On appeal, the defendant contends that without the testimony of the sending officer, the People failed to meet their burden of coming forward with evidence to establish probable cause for the arrest (see, People v Havelka, 45 NY2d 636; People v Lypka, 36 NY2d 210). We disagree. The reliability of the transmission was sufficiently established by the arresting officer’s testimony, which established that the source of the description was the complaining witness, who was present with the sending officer at the time the transmission was made, and who identified the defendant and his codefendant immediately afterward. Therefore, the People were not required to also produce the officer who relayed the information (see, People v Petralia, 62 NY2d 47, cert denied 469 US 852; *675People v James, 135 AD2d 832). Furthermore, under the circumstances presented, the transmission, along with subsequent showup identifications, provided probable cause to arrest.

Nor do we find any merit in the defendant’s contention that the People violated the principle of Brady v Maryland (373 US 83) by failing to turn over, until after the start of the trial, a laboratory report which confirmed the presence of human blood on the defendant’s pants but was inconclusive as to whether the blood found was that of the complainant. Even assuming that the report was exculpatory material, the defendant was not deprived of a fair trial by the People’s failure to disclose it earlier.

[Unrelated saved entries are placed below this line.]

Definition gfusion_frame (W : J -> set H) (Lam : forall j, H -> K j)
    (v : J -> R) (A B : R) : Prop :=
  0 < A /\ A <= B /\
  (forall j, closed_subspace ipH (W j)) /\
  (forall j, 0 < v j) /\
  (forall j, bounded_op ipH (@ipK j) (Lam j)) /\
  (forall f : H, ((A * nrm2 ipH f)%:E <= gf_sum W Lam v f)%E /\
                 (gf_sum W Lam v f <= (B * nrm2 ipH f)%:E)%E).

Definition gf_op (W : J -> set H) (Lam : forall j, H -> K j) (v : J -> R)
    (f : H) : H :=
  xget 0 [set s | hsum_to ipH
    (fun j => real_complex R (v j ^+ 2) *:
       oproj ipH (W j) (adjoint ipH (@ipK j) (Lam j) (Lam j (oproj ipH (W j) f)))) s].

Definition dual_space (W : J -> set H) (Lam : forall j, H -> K j) (v : J -> R)
    (j : J) : set H :=
  finv (gf_op W Lam v) @` W j.

Definition dual_op (W : J -> set H) (Lam : forall j, H -> K j) (v : J -> R)
    (j : J) : H -> K j :=
  fun f => Lam j (oproj ipH (W j) (finv (gf_op W Lam v) f)).
End GFusion.
End Hilbert.

From Pilot Require Import Defs.
From HB Require Import structures.
From mathcomp Require Import all_boot all_order all_algebra.
From mathcomp Require Import all_classical all_reals.
From mathcomp Require Import ereal esum.
From mathcomp Require complex.
From mathcomp Require Import ring lra.
Import complex.
Import Order.TTheory GRing.Theory Num.Theory.
Local Open Scope classical_set_scope.
Local Open Scope ring_scope.
Local Open Scope complex_scope.

Set Implicit Arguments.
Unset Strict Implicit.
Unset Printing Implicit Defensive.

(* Real and imaginary parts of R[i] (Num.Theory exports a different Re). *)
Local Notation Re := complex.Re.
Local Notation Im := complex.Im.

(* Write Q_Lam f = sum_j v_j^2 ||Lam_j P_{W_j} f||^2 for the frame form and
   S_Lam for the frame operator.  The frame form of the canonical dual is
   f |-> Re <f, S_Lam^{-1} f>, because P_{W_j} S^{-1} P_{S^{-1} W_j} = P_{W_j} S^{-1}.
   With x = S_Lam^{-1} f and y = S_Gam^{-1} f this gives
     Q_Lam^o f - Q_Gam^o f = Re <S_Gam y, x> - Re <S_Lam y, x>,
   and polarizing Q_Lam - Q_Gam at A2 y +- A1 x (both of norm <= ||f||, by the
   lower frame bounds) bounds the right-hand side by D ||f||^2 / (A1 A2). *)

Section ComplexFacts.
Variable R : realType.
Implicit Types (a b : R[i]) (r : R).

Lemma ReD a b : Re (a + b) = Re a + Re b.
Proof. by case: a; case: b. Qed.
Lemma ReN a : Re (- a) = - Re a.
Proof. by case: a. Qed.
Lemma ReB a b : Re (a - b) = Re a - Re b.
Proof. by rewrite ReD ReN. Qed.
Lemma Re_realM r a : Re (r%:C * a) = r * Re a.
Proof. by case: a => x y /=; rewrite mul0r subr0. Qed.
Lemma Re_conj a : Re (conjc a) = Re a.
Proof. by case: a. Qed.
Lemma Re_iM a : Re ('i * a) = - Im a.
Proof. by case: a => x y /=; rewrite !mul0r !mul1r sub0r. Qed.
Lemma conj_i : conjc ('i : R[i]) = - 'i.
Proof. by apply/eqP; rewrite eq_complex /= oppr0 !eqxx. Qed.

Lemma complex_ReIm a b : Re a = Re b -> Im a = Im b -> a = b.
Proof. by case: a; case: b => /= ? ? ? ? -> ->. Qed.

Lemma ge0_complex_real a : 0 <= a -> a = (Re a)%:C /\ 0 <= Re a.
Proof. by case: a => x y; rewrite lecE /= => /andP[/eqP -> h]. Qed.
End ComplexFacts.

Lemma subrBB (V : zmodType) (a b c : V) : (a - b) - (a - c) = c - b.
Proof. by rewrite opprB addrC addrA subrK. Qed.

Section LinearMaps.
Variables (R : realType) (U V : lmodType R[i]) (T : U -> V).
Hypothesis linT : forall a x y, T (a *: x + y) = a *: T x + T y.

Lemma lin0 : T 0 = 0.
Proof. by have := linT 1 0 0; rewrite scaler0 addr0 scale1r -{1}[T 0]addr0 => /addrI. Qed.
Lemma linZ a x : T (a *: x) = a *: T x.
Proof. by rewrite -[a *: x]addr0 linT lin0 addr0. Qed.
Lemma linD x y : T (x + y) = T x + T y.
Proof. by rewrite -{1}[x]scale1r linT scale1r. Qed.
Lemma linN x : T (- x) = - T x.
Proof. by rewrite -scaleN1r linZ scaleN1r. Qed.
Lemma linB x y : T (x - y) = T x - T y.
Proof. by rewrite linD linN. Qed.
End LinearMaps.
Section Tensor.
Variable C : numClosedFieldType.

(* Tensors are indexed by [nat] rather than ['I_2] so that the entries of
   [tensor_mx G] at concrete indices reduce by [simpl]. *)
Definition tensor_mx (G : nat -> nat -> nat -> C) : 'M[C]_(4, 2) :=
  \matrix_(r < 4, w < 2) G r./2 (odd r) w.

Definition amp_tensor (psi : 'cV[C]_8) (p q t : 'I_3) (x y w : nat) : C :=
  amp psi (config p q t (inord x) (inord y) (inord w)).

Lemma reduced_gram psi p q t : p != q -> p != t -> q != t ->
  reduced psi p q = tensor_mx (amp_tensor psi p q t) *m (tensor_mx (amp_tensor psi p q t))^t*.
Proof.
move=> pq pt qt; apply/matrixP => r s; rewrite !mxE.
have [tp tq] : (t == p) = false /\ (t == q) = false by split; rewrite eq_sym; apply: negbTE.
pose hi (r : 'I_4) : 'I_2 := inord r./2; pose lo (r : 'I_4) : 'I_2 := inord (odd r).
have hiE (r' : 'I_4) : val (hi r') = (r' %/ 2)%N.
  by rewrite /hi /=; have := ltn_ord4_div2 r'; rewrite divn2 => /inordK ->.
have loE (r' : 'I_4) : val (lo r') = (r' %% 2)%N.
  by rewrite /lo /=; have := ltn_ord4_mod2 r'; rewrite modn2 => /inordK ->.
transitivity (\sum_(f : {ffun 'I_3 -> 'I_2} | (val (f p) == r %/ 2)%N && (val (f q) == r %% 2)%N)
   amp psi f * (amp psi (config p q t (hi s) (lo s) (f t)))^*).
  apply: eq_bigr => f _; rewrite (big_pred1 (config p q t (hi s) (lo s) (f t))) // => g /=.
  rewrite config_eq // -hiE -loE !val_eqE.
  apply/and3P/and3P => [[-> -> /forallP /(_ t)]|[/eqP -> /eqP -> /eqP gt]].
    by rewrite tp tq /= eq_sym.
  split=> //; apply/forallP => n; apply/implyP => /andP[np nq].
  by rewrite (ord3_other pq pt qt np nq) gt.
rewrite (partition_big (fun f : {ffun 'I_3 -> 'I_2} => f t) predT) //=.
apply: eq_bigr => w _; rewrite (big_pred1 (config p q t (hi r) (lo r) w)).
  by rewrite !mxE ffunE tp tq /amp_tensor inord_val.
by move=> f /=; rewrite config_eq // -hiE -loE !val_eqE andbA.
Qed.

End Tensor.

Section Concurrence.
Variable C : numClosedFieldType.

Definition spin_form (P : 'M[C]_(4, 2)) : 'M[C]_2 := P^T *m sigma_yy C *m P.

Definition frobenius2 m n (M : 'M[C]_(m, n)) : C :=
  \sum_(a < m) \sum_(b < n) `|M a b| ^+ 2.

Lemma trmx_spin_form P : (spin_form P)^T = spin_form P.
Proof. by rewrite /spin_form !trmx_mul trmxK trmx_sigma_yy mulmxA. Qed.

Lemma char_poly_spinflip_gram P :
  char_poly (spinflip (P *m P^t*)) = 'X^2 * char_poly (map_mx conjC (spin_form P) *m spin_form P).
Proof.
pose B := P^t* *m sigma_yy C *m map_mx conjC P *m P^T *m sigma_yy C.
have -> : spinflip (P *m P^t*) = P *m B.
  rewrite /spinflip -/(sigma_yy C) map_mxM /B !mulmxA.
  by congr (_ *m _ *m _); apply: map_mxCK.
have -> : map_mx conjC (spin_form P) *m spin_form P = B *m P.
  by rewrite /spin_form !map_mxM map_sigma_yy_conj /B !mulmxA.
have X2_neq0 : ('X^2 : {poly C}) != 0 by rewrite expf_neq0 // polyX_eq0.
by apply: (mulfI X2_neq0); rewrite char_poly_mulmxC mulrA -exprD.
Qed.

Lemma char_poly_conj_mul_sym (M : 'M[C]_2) : M^T = M ->
  char_poly (map_mx conjC M *m M) = 'X^2 - (frobenius2 M)%:P * 'X + (`|\det M| ^+ 2)%:P.
Proof.
move=> symM; rewrite char_poly_mx22 det_mulmx det_map_mx normCKC; congr (_ - _ * _ + _).
congr _%:P; rewrite /mxtrace /frobenius2; apply: eq_bigr => a _; rewrite mxE.
apply: eq_bigr => b _; rewrite normCKC mxE; congr (_ * _).
by rewrite -[in LHS]symM mxE.
Qed.

Lemma frobenius2_ge_det (M : 'M[C]_2) : 2 * `|\det M| <= frobenius2 M.
Proof.
have amgm (x y : C) : 0 <= x -> 0 <= y -> 2 * (x * y) <= x ^+ 2 + y ^+ 2.
  move=> x0 y0; rewrite -subr_ge0 (_ : _ - _ = (x - y) ^+ 2); last by ring.
  by rewrite real_exprn_even_ge0 // rpredB // ger0_real.
rewrite det_mx22 /frobenius2 !big_ord2E.
apply: le_trans (_ : 2 * (`|M i0 i0| * `|M i1 i1|) + 2 * (`|M i0 i1| * `|M i1 i0|) <= _).
  by rewrite -mulrDr ler_pM2l // -!normrM ler_normB.
apply: le_trans (lerD (amgm _ _ _ _) (amgm _ _ _ _)) _; rewrite ?normr_ge0 //.
by rewrite [leLHS]addrACA (addrC (`|M i1 i1| ^+ 2)) lexx.
Qed.

End Concurrence.

Section Spectrum.
Variable C : numClosedFieldType.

The rule of Brady v Maryland (supra), does not require that disclosure be made at any particular point of the proceedings, but only that it be made in time for the defense to use it effectively (see, People v Bolling, 157 AD2d 733; People v Jemmott, 144 AD2d 694). The report at issue was provided to the defense during the cross-examination of the complainant, the People’s first witness. Therefore, the defense was afforded an ample opportunity to utilize it, although it chose not to do so, and there is no indication that an earlier disclosure would have had any effect on the outcome of the trial (see, People v Vilardi, 76 NY2d 67; People v Nedrick, 166 AD2d 725).

The defendant’s remaining contentions are either unpreserved for appellate review or without merit. Kunzeman, J. P., Sullivan, Eiber and O’Brien, JJ., concur.